I do A lot kubectl delete -f calico.yaml and kubectl apply -f calico.yaml ,also rm -rf /var/lib/cni before kubectl command .
In calico-node-controllers-, get same Events:

In any calico-node-,get BGP not ready Events:

Has been tossing for 3 days, almost from getting started to giving up...
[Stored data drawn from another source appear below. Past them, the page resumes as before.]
(* Let $p^{\mathcal S}(c,x)$ and $p^{\mathcal T}(c,x)$ be the data distributions of the source and target tasks. Define $$D^{ST}_{\mathrm{trace}}=2\sup_{\theta\in\Theta}\bigl|\mathcal R^{\mathcal S}_{\theta}-\mathcal R^{\mathcal T}_{\theta}\bigr|,$$ $$D^{ST}_{\mathrm{TV}}=2\,\mathrm{TV}(p^{\mathcal T}_c,p^{\mathcal S}_c)+2\,\mathbb E_{c\sim p^{\mathcal S}_c}\bigl[\mathrm{TV}\bigl(p^{\mathcal T}(\cdot|c),p^{\mathcal S}(\cdot|c)\bigr)\bigr].$$ Then both $D^{ST}=D^{ST}_{\mathrm{trace}}$ and $D^{ST}=D^{ST}_{\mathrm{TV}}$ satisfy the dissimilarity inequality $$d^{\mathcal T}(\theta,\theta^{\mathcal T}_* )\le d^{\mathcal S}(\theta,\theta^{\mathcal S}_* )+D^{ST}\quad\text{for all }\theta\in\Theta,$$ i.e. the tasks are $D^{ST}$-dissimilar for either choice. Moreover, $D^{ST}_{\mathrm{trace}}\le D^{ST}_{\mathrm{TV}}$.
   Context: Setting: $\mathcal X$ is a finite set of classical inputs, labels are $c\in\{0,1\}$. $\Theta$ is an arbitrary set of embedding parameters and, for each $\theta\in\Theta$ and $x\in\mathcal X$, $\rho_\theta(x)$ is a density matrix (positive semidefinite, unit trace) on $\mathbb C^n$. $\mathcal M$ is the set of binary POVMs $M=(M_0,M_1)$ with $M_0,M_1\succeq0$ and $M_0+M_1=I$. The loss is $\ell_{\theta,M}(c,x)=1-\mathrm{Tr}(M_c\rho_\theta(x))$. For a task $\mathcal A\in\{\mathcal S,\mathcal T\}$ with joint distribution $p^{\mathcal A}(c,x)$ on $\{0,1\}\times\mathcal X$ (label marginal $p^{\mathcal A}_c$, input marginal $p^{\mathcal A}(x)$, conditionals $p^{\mathcal A}(x|c)$), the expected risk is $\mathcal R^{\mathcal A}_{\theta,M}=\mathbb E_{p^{\mathcal A}(c,x)}[\ell_{\theta,M}(c,x)]$ and $\mathcal R^{\mathcal A}_\theta=\min_{M\in\mathcal M}\mathcal R^{\mathcal A}_{\theta,M}$. Assume $\theta^{\mathcal A}_*\in\arg\min_{\theta\in\Theta}\mathcal R^{\mathcal A}_\theta$ exists. The task-based distance is $d^{\mathcal A}(\theta,\theta')=|\mathcal R^{\mathcal A}_{\theta'}-\mathcal R^{\mathcal A}_\theta|$. $\mathrm{TV}(p,q)=\tfrac12\sum_x|p(x)-q(x)|$ is the total variation distance. *)

From HB Require Import structures.
From mathcomp Require Import all_boot all_order all_algebra.
From mathcomp Require Import complex.
From mathcomp Require Import boolp classical_sets reals.
Set Implicit Arguments. Unset Strict Implicit. Unset Printing Implicit Defensive.
Import Order.TTheory GRing.Theory Num.Theory.
Local Open Scope ring_scope.
Local Open Scope classical_set_scope.

Section QuantumTasks.
Variable R : realType.
Variable n : nat.
Variable X : finType.

Definition adjmx (m k : nat) (A : 'M[R[i]]_(m, k)) : 'M[R[i]]_(k, m) :=
  (map_mx (@conjc R) A)^T.

(* positive semidefinite: v^* A v >= 0 (in the order of C, i.e. real and >= 0) *)
Definition psd (A : 'M[R[i]]_n) : Prop :=
  forall v : 'cV[R[i]]_n, 0 <= (adjmx v *m A *m v) 0 0.

Definition density (rho : 'M[R[i]]_n) : Prop := psd rho /\ \tr rho = 1.

(* binary POVM M = (M false, M true) = (M_0, M_1) *)
Definition povm (M : bool -> 'M[R[i]]_n) : Prop :=
  psd (M false) /\ psd (M true) /\ M false + M true = 1%:M.

(* loss l_{theta,M}(c,x) = 1 - Tr(M_c rho_theta(x)) (the trace is real for PSD
   arguments; we take its real part) *)
Definition loss (rho : X -> 'M[R[i]]_n) (M : bool -> 'M[R[i]]_n) (c : bool) (x : X) : R :=
  1 - complex.Re (\tr (M c *m rho x)).

Definition is_dist (p : bool -> X -> R) : Prop :=
  (forall c x, 0 <= p c x) /\ \sum_(c : bool) \sum_(x : X) p c x = 1.

Definition riskM (p : bool -> X -> R) (rho : X -> 'M[R[i]]_n) (M : bool -> 'M[R[i]]_n) : R :=
  \sum_(c : bool) \sum_(x : X) p c x * loss rho M c x.

(* R_theta = min over POVMs (written as the infimum, which is attained) *)
Definition risk (p : bool -> X -> R) (rho : X -> 'M[R[i]]_n) : R :=
  inf [set r | exists M, povm M /\ r = riskM p rho M].

(* label marginal and conditional p(x|c) = p(c,x)/p_c(c) (0 if p_c(c) = 0) *)
Definition marg (p : bool -> X -> R) (c : bool) : R := \sum_(x : X) p c x.
Definition cond (p : bool -> X -> R) (c : bool) (x : X) : R := p c x / marg p c.

Definition TV (T : finType) (f g : T -> R) : R := 2^-1 * \sum_(t : T) `|f t - g t|.

Definition task_dist {Theta : Type} (p : bool -> X -> R)
  (rho : Theta -> X -> 'M[R[i]]_n) (th th' : Theta) : R :=
  `|risk p (rho th') - risk p (rho th)|.

Definition D_trace {Theta : Type} (pS pT : bool -> X -> R)
  (rho : Theta -> X -> 'M[R[i]]_n) : R :=
  2 * sup [set r | exists th : Theta, r = `|risk pS (rho th) - risk pT (rho th)|].

Definition D_TV (pS pT : bool -> X -> R) : R :=
  2 * TV (marg pT) (marg pS) +
  2 * \sum_(c : bool) marg pS c * TV (cond pT c) (cond pS c).

(* the tasks are D-dissimilar (thS, thT are the optimal parameters) *)
Definition dissimilar {Theta : Type} (pS pT : bool -> X -> R)
  (rho : Theta -> X -> 'M[R[i]]_n) (thS thT : Theta) (D : R) : Prop :=
  forall th : Theta, task_dist pT rho th thT <= task_dist pS rho th thS + D.

End QuantumTasks.

(* Both dissimilarity bounds reduce to one estimate: the optimal risks of the
   two tasks differ by at most D_TV / 2 at every parameter. For a fixed POVM the
   losses lie in [0, 1] (the POVM effects have traces against a density matrix
   that are nonnegative and sum to 1), and the difference of the expected losses
   splits into a label term, bounded by the total variation of the label
   marginals, and a class-wise term, bounded by the total variation of the
   conditionals; taking infima over POVMs preserves the estimate. Given such a
   uniform bound on the risk gap, the dissimilarity inequality follows by
   comparing each task with the optimum of the other, and D_trace, twice the
   supremum of that gap, is at most D_TV. *)

From HB Require Import structures.
From mathcomp Require Import all_boot all_order all_algebra.
From mathcomp Require Import complex.
From mathcomp Require Import boolp classical_sets reals.
From mathcomp Require Import spectral sesquilinear.
From mathcomp Require Import ring lra.
Import Order.TTheory GRing.Theory Num.Theory.

Set Implicit Arguments.
Unset Strict Implicit.
Unset Printing Implicit Defensive.

Local Open Scope classical_set_scope.
Local Open Scope ring_scope.

Section TotalVariation.
Variables (R : realType) (T : finType).
Implicit Types f g w : T -> R.

Lemma TVC f g : TV f g = TV g f.
Proof. by rewrite /TV; congr (_ * _); apply: eq_bigr => t _; rewrite distrC. Qed.

Lemma TV_ge0 f g : 0 <= TV f g.
Proof. by rewrite /TV mulr_ge0 ?invr_ge0 // sumr_ge0. Qed.

Lemma ler_dist_sum_weight_TV f g w :
  (forall t, 0 <= w t <= 1) -> \sum_t f t = \sum_t g t ->
  `|\sum_t f t * w t - \sum_t g t * w t| <= TV f g.
Proof.
move=> w01 fg; rewrite -sumrB.
(* f - g has total mass 0, so the weights may be recentred at 1/2 *)
have -> : \sum_t (f t * w t - g t * w t) = \sum_t (f t - g t) * (w t - 2^-1).
  under eq_bigr do rewrite -mulrBl.
  under [RHS]eq_bigr do rewrite mulrBr.
  by rewrite sumrB -mulr_suml sumrB fg subrr mul0r subr0.
apply: le_trans (ler_norm_sum _ _ _) _.
rewrite /TV mulr_sumr; apply: ler_sum => t _.
rewrite normrM mulrC ler_wpM2r //.
by rewrite ler_norml; have := w01 t; lra.
Qed.

End TotalVariation.

Section ExpectedLoss.
Variables (R : realType) (X : finType).
Implicit Types (p pS pT : bool -> X -> R) (c : bool).

Definition cond_expect p c (l : X -> R) : R := \sum_x cond p c x * l x.

Definition expect p (l : bool -> X -> R) : R := \sum_c \sum_x p c x * l c x.

Lemma sum_cond p c : marg p c != 0 -> \sum_x cond p c x = 1.
Proof. by move=> m0; rewrite -mulr_suml divff. Qed.

Lemma marg_mul_cond_expect p c l :
  (forall x, 0 <= p c x) -> marg p c * cond_expect p c l = \sum_x p c x * l x.
Proof.
move=> p0; have [m0|m0] := eqVneq (marg p c) 0.
  have pc0 x : p c x = 0 by apply: (psumr_eq0P (P := predT)) => // y _.
  by rewrite m0 mul0r; apply/esym/big1 => x _; rewrite pc0 mul0r.
rewrite mulr_sumr; apply: eq_bigr => x _.
by rewrite /cond mulrA [marg p c * _]mulrC divfK.
Qed.
(* (C4): for lambda = [S] in Lambda(B n), [B 1] . [S] = sum_{lambda < mu}     *)
(* c_{lambda,mu} [S_mu] with all c_{lambda,mu} positive integers.  Here        *)
(* [B 1].[S] is the class of B_{n+1} (x)_{B_1 (x) B_n} (B_1 (x) S), which is   *)
(* the module induced from S along b |-> iota_{1,n}(1 (x) b); equality in      *)
(* K(B_{n+1}) is expressed through composition multiplicities.                 *)
Definition cond_C4 (B : nat -> superalg F)
    (tens : forall m n, B m -> B n -> B (m + n)%N)
    (sub : forall m k, supermod (B m) -> supermod (B k) -> Prop) : Prop :=
  forall n (S : supermod (B n)), simple_mod S ->
  forall (I : supermod (B n.+1)) (u : 'Hom(S, I)),
    is_induced (iota1 tens (n:=n)) u ->
  forall s : seq {vspace I}, comp_series s ->
  forall T : supermod (B n.+1), simple_mod T ->
  forall k : nat, mult_is s T k ->
    (sub n n.+1 S T <-> (0 < k)%N).

End SuperDefs.

From HB Require Import structures.
From mathcomp Require Import all_boot all_order all_algebra.
From Stdlib Require Import Classical.
Import GRing.Theory.
Local Open Scope ring_scope.

Set Implicit Arguments.
Unset Strict Implicit.
Unset Printing Implicit Defensive.

Section LinearFun.
Variables (F : fieldType) (U V : vectType F) (f : U -> V).
Hypothesis f_lin : linear f.

Definition lfun_of_linear : 'Hom(U, V) :=
  linfun (HB.pack_for {linear U -> V} f (GRing.isLinear.Build F U V _ f f_lin)).

Lemma lfun_of_linearE x : lfun_of_linear x = f x.
Proof. exact: lfunE. Qed.

Lemma linear_fun0 : f 0 = 0.
Proof. by rewrite -lfun_of_linearE linear0. Qed.

Lemma linear_funD x y : f (x + y) = f x + f y.
Proof. by rewrite -!lfun_of_linearE linearD. Qed.

Lemma linear_fun_sum I (r : seq I) (P : pred I) (g : I -> U) :
  f (\sum_(i <- r | P i) g i) = \sum_(i <- r | P i) f (g i).
Proof.
by rewrite -lfun_of_linearE linear_sum; apply: eq_bigr => i _; exact: lfun_of_linearE.
Qed.

End LinearFun.

Lemma lfunD (F : fieldType) (U V : vectType F) (f : 'Hom(U, V)) x y :
  f (x + y) = f x + f y.
Proof. exact: linearD. Qed.

Section VspaceExtremal.
Variables (F : fieldType) (V : vectType F) (P : {vspace V} -> Prop).

Lemma vspace_min U : P U ->
  exists U0, [/\ P U0, (U0 <= U)%VS & forall W, P W -> (W <= U0)%VS -> W = U0].
Proof.
move Hk : (\dim U) => k; elim: k {-2}k (leqnn k) U Hk => [|k IH] k' le_k' U dimU PU.
  exists U; split=> // W _ sWU; apply/eqP; rewrite eqEdim sWU.
  by rewrite dimU (leq_trans le_k').
have [[W [PW sWU nWU]] | minU] :=
  classic (exists W, [/\ P W, (W <= U)%VS & W != U]); last first.
  exists U; split=> // W PW sWU; apply: NNPP => nWU.
  by apply: minU; exists W; split=> //; apply/eqP.
have ltW : (\dim W < \dim U)%N by rewrite (ltn_leqif (dimv_leqif_eq sWU)).
have [U0 [PU0 sU0W minU0]] : exists U0,
    [/\ P U0, (U0 <= W)%VS & forall W', P W' -> (W' <= U0)%VS -> W' = U0].
  by apply: (IH (\dim W)) => //; rewrite -ltnS (leq_trans _ le_k') // -dimU.
by exists U0; split=> //; apply: subv_trans sWU.
Qed.

Lemma vspace_max U : P U ->
  exists U1, [/\ P U1, (U <= U1)%VS & forall W, P W -> (U1 <= W)%VS -> W = U1].
Proof.
move Hk : (\dim {:V} - \dim U)%N => k.
elim: k {-2}k (leqnn k) U Hk => [|k IH] k' le_k' U codimU PU.
  exists U; split=> // W _ sUW; apply/eqP; rewrite eq_sym eqEdim sUW /=.
  apply: leq_trans (dimvS (subvf W)) _.
  by move: le_k'; rewrite leqn0 -codimU subn_eq0.
have [[W [PW sUW nWU]] | maxU] :=
  classic (exists W, [/\ P W, (U <= W)%VS & W != U]); last first.
  exists U; split=> // W PW sUW; apply: NNPP => nWU.
  by apply: maxU; exists W; split=> //; apply/eqP.
have ltU : (\dim U < \dim W)%N by rewrite (ltn_leqif (dimv_leqif_eq sUW)) eq_sym.
have leW : (\dim W <= \dim {:V})%N by apply/dimvS/subvf.
have [U1 [PU1 sWU1 maxU1]] : exists U1,
    [/\ P U1, (W <= U1)%VS & forall W', P W' -> (U1 <= W')%VS -> W' = U1].
  apply: (IH (\dim {:V} - \dim W)%N) => //; rewrite -ltnS (leq_trans _ le_k') //.
  by rewrite -codimU ltn_sub2l // (leq_trans ltU).
by exists U1; split=> //; apply: subv_trans sWU1.
Qed.

End VspaceExtremal.

Lemma sumv_ind (F : fieldType) (V : vectType F) (ls : seq {vspace V})
    (Q : V -> Prop) x :
  x \in (\sum_(L <- ls) L)%VS -> Q 0 -> (forall a b, Q a -> Q b -> Q (a + b)) ->
  (forall L y, L \in ls -> y \in L -> Q y) -> Q x.
Proof.
move=> Hx Q0 QD QL; elim: ls x Hx QL => [|L ls IH] x Hx QL.
  by move: Hx; rewrite big_nil memv0 => /eqP ->.
move: Hx; rewrite big_cons => /memv_addP [a Ha [b Hb ->]].
apply: QD; first by apply: (QL L) => //; rewrite mem_head.
by apply: IH => // L' y HL' Hy; apply: (QL L') => //; rewrite inE HL' orbT.
Qed.

Lemma enum_prop_lt (P : nat -> Prop) r :
  exists idx : seq nat, uniq idx /\ forall i, i \in idx <-> (i < r)%N /\ P i.
Proof.
elim: r => [|r [idx [uidx idxP]]]; first by exists [::]; split=> // i; split=> // [[]].
have r_idx : r \notin idx by apply/negP => /idxP []; rewrite ltnn.
have [Pr | nPr] := classic (P r).
  exists (rcons idx r); rewrite rcons_uniq r_idx uidx; split=> // i.
  rewrite mem_rcons inE; split=> [/orP [/eqP -> // | /idxP [lt Pi]] | [le Pi]].
    by rewrite ltnS ltnW.
  move: le; rewrite ltnS leq_eqVlt => /orP [-> // | lt].
  by apply/orP; right; apply/idxP.
exists idx; split=> // i; split=> [/idxP [lt Pi] | [le Pi]].
  by rewrite ltnS ltnW.
move: le; rewrite ltnS leq_eqVlt => /orP [/eqP Ei | lt]; first by rewrite Ei in Pi.
exact/idxP.
Qed.

Lemma sum_neq0 (V : nmodType) (I : eqType) (r : seq I) (G : I -> V) :
  \sum_(i <- r) G i != 0 -> exists2 i, i \in r & G i != 0.
Proof.
elim: r => [|i r IH]; first by rewrite big_nil eqxx.
rewrite big_cons; have [Gi0 | ] := eqVneq (G i) 0; last by exists i; rewrite ?mem_head.
by rewrite Gi0 add0r => /IH [j rj Gj]; exists j; rewrite // inE rj orbT.
Qed.

Lemma daddv_pi_eq0 (F : fieldType) (V : vectType F) (U W : {vspace V}) w :
  (U :&: W = 0)%VS -> w \in W -> daddv_pi U W w = 0.
Proof.
move=> dxUW Ww; have dxWU : (W :&: U = 0)%VS by rewrite capvC.
have := daddv_pi_add dxUW (memv_add (mem0v U) Ww).
by rewrite add0r (daddv_pi_id dxWU Ww) => /(canRL (addrK w)); rewrite subrr.
Qed.

Section GradedSpace.
Variables (F : fieldType) (V : vectType F) (P : bool -> {vspace V}).

Definition gproj i : 'Hom(V, V) := daddv_pi (P i) (P (~~ i)).

Definition graded (U : {vspace V}) := U = (U :&: P false + U :&: P true)%VS.

Lemma gproj_mem i v : gproj i v \in P i.
Proof. exact: memv_pi. Qed.

Hypotheses (P_direct : directv (P false + P true))
           (P_full : (P false + P true)%VS = fullv).

Lemma capv_parts i : (P i :&: P (~~ i) = 0)%VS.
Proof. by move/directv_addP: P_direct; case: i => //=; rewrite capvC. Qed.

Lemma gproj_id i v : v \in P i -> gproj i v = v.
Proof. exact: daddv_pi_id (capv_parts i). Qed.

Lemma gproj_eq0 i v : v \in P (~~ i) -> gproj i v = 0.
Proof. exact: daddv_pi_eq0 (capv_parts i). Qed.

Lemma gproj_sum i v : gproj i v + gproj (~~ i) v = v.
Proof.
rewrite /gproj negbK (daddv_pi_add (capv_parts i)) //.
by case: i; rewrite /= ?[(P true + _)%VS]addvC P_full memvf.
Qed.

Lemma graded_gproj (U : {vspace V}) i v : graded U -> v \in U -> gproj i v \in U.
Proof.
move=> gU; rewrite {1}gU => /memv_addP [u0 Hu0 [u1 Hu1 ->]].
move: Hu0 Hu1; rewrite !memv_cap => /andP[U0 P0] /andP[U1 P1].
rewrite lfunD; case: i.
  by rewrite (gproj_eq0 (i:=true) P0) (gproj_id P1) add0r.
by rewrite (gproj_id P0) (gproj_eq0 (i:=false) P1) addr0.
Qed.

Lemma gradedP (U : {vspace V}) : (forall i v, v \in U -> gproj i v \in U) -> graded U.
Proof.
move=> UP; apply/eqP; rewrite eqEsubv subv_add !capvSl !andbT.
apply/subvP=> v Uv; rewrite -(gproj_sum false v) memv_add //.
by rewrite memv_cap UP ?gproj_mem.
by rewrite memv_cap UP ?gproj_mem.
Qed.

End GradedSpace.

Lemma gproj_hom (F : fieldType) (V W : vectType F)
    (P : bool -> {vspace V}) (Q : bool -> {vspace W}) (f : 'Hom(V, W)) p :
  directv (P false + P true) -> (P false + P true)%VS = fullv ->
  directv (Q false + Q true) ->
  (forall i v, v \in P i -> f v \in Q (i (+) p)) ->
  forall i v, f (gproj P i v) = gproj Q (i (+) p) (f v).
Proof.
move=> dxP fP dxQ fH i v; rewrite -{2}(gproj_sum dxP fP i v) !lfunD.
rewrite (gproj_id dxQ (fH _ _ (gproj_mem P i v))) (gproj_eq0 dxQ) ?addr0 //.
by rewrite -addNb fH ?gproj_mem.
Qed.

Section SuperAlgebra.
Variables (F : fieldType) (A : superalg F).

Lemma smul_linear_l (b : A) : linear (fun a : A => smul a b).
Proof. by move=> k a a'; rewrite smul_linl. Qed.

Lemma smul_linear_r (a : A) : linear (smul a).
Proof. by move=> k b b'; rewrite smul_linr. Qed.

Lemma smul0l (b : A) : smul 0 b = 0.
Proof. exact: linear_fun0 (smul_linear_l b). Qed.

Lemma smul0r (a : A) : smul a 0 = 0.
Proof. exact: linear_fun0 (smul_linear_r a). Qed.

Lemma smulDl (a a' b : A) : smul (a + a') b = smul a b + smul a' b.
Proof. exact: (linear_funD (smul_linear_l b) a a'). Qed.

Lemma smulDr (a b b' : A) : smul a (b + b') = smul a b + smul a b'.
Proof. exact: (linear_funD (smul_linear_r a) b b'). Qed.

Lemma smul_suml I (r : seq I) (P : pred I) (g : I -> A) b :
  smul (\sum_(i <- r | P i) g i) b = \sum_(i <- r | P i) smul (g i) b.
Proof. exact: (linear_fun_sum (smul_linear_l b) r P g). Qed.

Lemma smul_sumr I (r : seq I) (P : pred I) (g : I -> A) a :
  smul a (\sum_(i <- r | P i) g i) = \sum_(i <- r | P i) smul a (g i).
Proof. exact: (linear_fun_sum (smul_linear_r a) r P g). Qed.

Definition regmod : supermod A :=
  @SuperMod F A A (spart A) (spart_direct A) (spart_full A) (@smul F A)
    (@smul_linl F A) (@smul_linr F A) (@smul1l F A)
    (fun a b v => esym (smulA a b v)) (@spart_mul F A).

Definition lideal (L : {vspace A}) := gsubmod (M := regmod) L.

Definition min_lideal (L : {vspace A}) :=
  [/\ lideal L, L != 0%VS & forall U, lideal U -> (U <= L)%VS -> U = 0%VS \/ U = L].

End SuperAlgebra.

Section GeneratedIdeal.
Variables (F : fieldType) (A A' : superalg F) (f : A -> A') (P : A -> Prop).

Lemma in_gen_ideal0 : in_gen_ideal f P 0.
Proof. by exists [::]; rewrite big_nil. Qed.

Lemma in_gen_idealD x y :
  in_gen_ideal f P x -> in_gen_ideal f P y -> in_gen_ideal f P (x + y).
Proof.
move=> [sx [sxP ->]] [sy [syP ->]]; exists (sx ++ sy); rewrite big_cat.
by split=> // t; rewrite mem_cat => /orP [/sxP | /syP].
Qed.

Lemma in_gen_ideal_sum r (x : nat -> A') :
  (forall i, (i < r)%N -> in_gen_ideal f P (x i)) ->
  in_gen_ideal f P (\sum_(i < r) x i).
Proof.
elim: r => [|r IH] xP; first by rewrite big_ord0; apply: in_gen_ideal0.
rewrite big_ord_recr /=; apply: in_gen_idealD; last exact: xP.
by apply: IH => i ltir; apply/xP/ltnW.
Qed.

Lemma in_gen_ideal_gen x y z : P y -> in_gen_ideal f P (smul (smul x (f y)) z).
Proof.
by move=> Py; exists [:: (x, y, z)]; rewrite big_seq1; split=> // t; rewrite inE => /eqP ->.
Qed.

End GeneratedIdeal.

Section SuperModule.
Variables (F : fieldType) (A : superalg F) (M : supermod A).

Lemma act_linear_l (v : M) : linear (fun a : A => act M a v).
Proof. by move=> k a a'; rewrite act_linl. Qed.

Lemma act_linear_r (a : A) : linear (act M a).
Proof. by move=> k v w; rewrite act_linr. Qed.

Lemma act0r a : act M a 0 = 0.
Proof. exact: linear_fun0 (act_linear_r a). Qed.

Lemma actDr a v w : act M a (v + w) = act M a v + act M a w.
Proof. exact: (linear_funD (act_linear_r a) v w). Qed.

Lemma gsub0 : gsubmod (0%VS : {vspace M}).
Proof.
split=> [|a v]; first by rewrite !cap0v addv0.
by rewrite memv0 => /eqP ->; rewrite act0r mem0v.
Qed.

Lemma gsubf : gsubmod (fullv : {vspace M}).
Proof. by split=> [|a v _]; rewrite ?memvf // !capfv mpart_full. Qed.

Lemma gsub_gproj (U : {vspace M}) i v :
  gsubmod U -> v \in U -> gproj (mpart M) i v \in U.
Proof. by case=> gU _ Uv; apply: (graded_gproj (mpart_direct M) i gU Uv). Qed.

Lemma gsub_cap (U W : {vspace M}) : gsubmod U -> gsubmod W -> gsubmod (U :&: W)%VS.
Proof.
move=> gU gW; split=> [|a v].
  apply: (gradedP (mpart_direct M) (mpart_full M)) => i v.
  by rewrite !memv_cap => /andP [Uv Wv]; rewrite !gsub_gproj.
by rewrite !memv_cap => /andP [Uv Wv]; rewrite gU.2 // gW.2.
Qed.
@54853315 Please open a new issue as this looks different than the original. I believe your primary issue is calico-node BGP not ready since your get pods output shows that kube-controllers is ready (1/1).
What platform are your hosts running on? Is BGP traffic (port 179) allowed between your hosts?
@tmjd
Thanks Reply.
Later I found out that this was because I installed calico 3.7. *, Then uninstalled calico, installed flannel, and then uninstalled flannel. Reinstall calico3.9, problems encountered.
At this point I found that my iptables had become confusing.
So ,I have to do this .... I have to !
kubeadm reset -f
ptables -F && iptables -t nat -F && iptables -t mangle -F && iptables -X
reboot
Then execute kubectl apply -f calico3.9.yaml and everything is resolved.
Most helpful comment
Fixed it by removing leftover files in
/var/lib/cni. I believe that's a bug for users upgrading from earlier Calico versions.